● **PROVIDED RECORDS**:
(* Let $\lambda=\langle1^{m_1},2^{m_2},\dots,k^{m_k}\rangle$ with all $m_i>0$, $n\ge1$, $x_1,\dots,x_n>0$, $t>0$. For $1\le j\le k$ let $M_j=m_j+\dots+m_k$ and $M_{k+1}=0$. Under the stationary distribution of the mTAZRP of type $\lambda$ on $n$ sites, the expected number of particles of species $j$ at site $1$ is $$\langle\tau^{(j)}_1\rangle=x_1\frac{\partial}{\partial x_1}\log\left(\frac{\widetilde H_{\langle1^{M_j}\rangle}(x_1,\dots,x_n;1,t)}{\widetilde H_{\langle1^{M_{j+1}}\rangle}(x_1,\dots,x_n;1,t)}\right),$$ with $\widetilde H_{\langle1^0\rangle}:=1$.
   Context: mTAZRP: for a partition $\lambda$ and $n\ge1$, sites $1,\dots,n$ on a ring (site $n+1$ is site $1$); a configuration assigns to each site a multiset of species with union the multiset of parts of $\lambda$; if site $j$ has $c$ particles of species $r$ and $d$ of species larger than $r$, a particle of species $r$ jumps from $j$ to $j+1$ at rate $x_j^{-1}t^d(1+t+\dots+t^{c-1})$. $\langle1^{m_1},\dots,k^{m_k}\rangle$ denotes the partition with part $i$ occurring $m_i$ times. Notation: $[a]_t=1+t+\dots+t^{a-1}$, $[a]_t!=\prod_{b\le a}[b]_t$, $\begin{bmatrix}m\\ \eta_1,\dots,\eta_n\end{bmatrix}_t=[m]_t!/\prod_i[\eta_i]_t!$, and $\widetilde H_{\langle1^m\rangle}(x_1,\dots,x_n;1,t)=\sum_{\eta_1+\dots+\eta_n=m,\ \eta_i\ge0}\begin{bmatrix}m\\ \eta_1,\dots,\eta_n\end{bmatrix}_t\prod_i x_i^{\eta_i}$. *)

From HB Require Import structures.
From mathcomp Require Import all_boot all_order all_algebra.
From mathcomp Require Import all_classical all_reals all_analysis.
Set Implicit Arguments. Unset Strict Implicit. Unset Printing Implicit Defensive.
Import Order.TTheory GRing.Theory Num.Theory.
Local Open Scope ring_scope.

Section MTAZRP.
Variable R : realType.

Definition qint (t : R) (a : nat) : R := \sum_(b < a) t ^+ b.
Definition qfact (t : R) (a : nat) : R := \prod_(b < a) qint t b.+1.

(* \tilde H_{<1^m>}(x_1..x_n; 1, t) = sum over compositions eta of m into n
   nonnegative parts of the t-multinomial times prod x_i^eta_i.
   (For m = 0 this sum is 1.) *)
Definition Htilde (n m : nat) (x : 'I_n -> R) (t : R) : R :=
  \sum_(eta : {ffun 'I_n -> 'I_m.+1} | (\sum_(i < n) (eta i : nat) == m)%N)
     (qfact t m / \prod_(i < n) qfact t (eta i)) * \prod_(i < n) x i ^+ eta i.

(* Configurations of the mTAZRP of type <1^{m_1},...,k^{m_k}> on n sites:
   eta r i = number of particles of species r+1 at site i+1 (r : 'I_k,
   i : 'I_n); bounded by N = total number of particles. *)
Definition tot (k : nat) (m : 'I_k -> nat) : nat := (\sum_(r < k) m r)%N.

Definition config (k n : nat) (m : 'I_k -> nat) :=
  {ffun 'I_k -> {ffun 'I_n -> 'I_(tot m).+1}}.

Definition valid (k n : nat) (m : 'I_k -> nat) (eta : config n m) : bool :=
  [forall r : 'I_k, (\sum_(i < n) (eta r i : nat) == m r)%N].

Definition moved (k n : nat) (m : 'I_k -> nat) (eta : config n m)
    (r : 'I_k) (j : 'I_n) (eta' : config n m) : bool :=
  (0 < eta r j)%N &&
  [forall r' : 'I_k, forall i : 'I_n,
     (eta' r' i : nat) ==
     ((eta r' i - ((r' == r) && (i == j))) + ((r' == r) && (i == ordS j)))%N].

● **TASK TO CARRY OUT**:
If a line of the records above holds the word "with", show it.

● **FINISHED TASK**:
(* Let $\lambda=\langle1^{m_1},2^{m_2},\dots,k^{m_k}\rangle$ with all $m_i>0$, $n\ge1$, $x_1,\dots,x_n>0$, $t>0$. For $1\le j\le k$ let $M_j=m_j+\dots+m_k$ and $M_{k+1}=0$. Under the stationary distribution of the mTAZRP of type $\lambda$ on $n$ sites, the expected number of particles of species $j$ at site $1$ is $$\langle\tau^{(j)}_1\rangle=x_1\frac{\partial}{\partial x_1}\log\left(\frac{\widetilde H_{\langle1^{M_j}\rangle}(x_1,\dots,x_n;1,t)}{\widetilde H_{\langle1^{M_{j+1}}\rangle}(x_1,\dots,x_n;1,t)}\right),$$ with $\widetilde H_{\langle1^0\rangle}:=1$.
   Context: mTAZRP: for a partition $\lambda$ and $n\ge1$, sites $1,\dots,n$ on a ring (site $n+1$ is site $1$); a configuration assigns to each site a multiset of species with union the multiset of parts of $\lambda$; if site $j$ has $c$ particles of species $r$ and $d$ of species larger than $r$, a particle of species $r$ jumps from $j$ to $j+1$ at rate $x_j^{-1}t^d(1+t+\dots+t^{c-1})$. $\langle1^{m_1},\dots,k^{m_k}\rangle$ denotes the partition with part $i$ occurring $m_i$ times. Notation: $[a]_t=1+t+\dots+t^{a-1}$, $[a]_t!=\prod_{b\le a}[b]_t$, $\begin{bmatrix}m\\ \eta_1,\dots,\eta_n\end{bmatrix}_t=[m]_t!/\prod_i[\eta_i]_t!$, and $\widetilde H_{\langle1^m\rangle}(x_1,\dots,x_n;1,t)=\sum_{\eta_1+\dots+\eta_n=m,\ \eta_i\ge0}\begin{bmatrix}m\\ \eta_1,\dots,\eta_n\end{bmatrix}_t\prod_i x_i^{\eta_i}$. *)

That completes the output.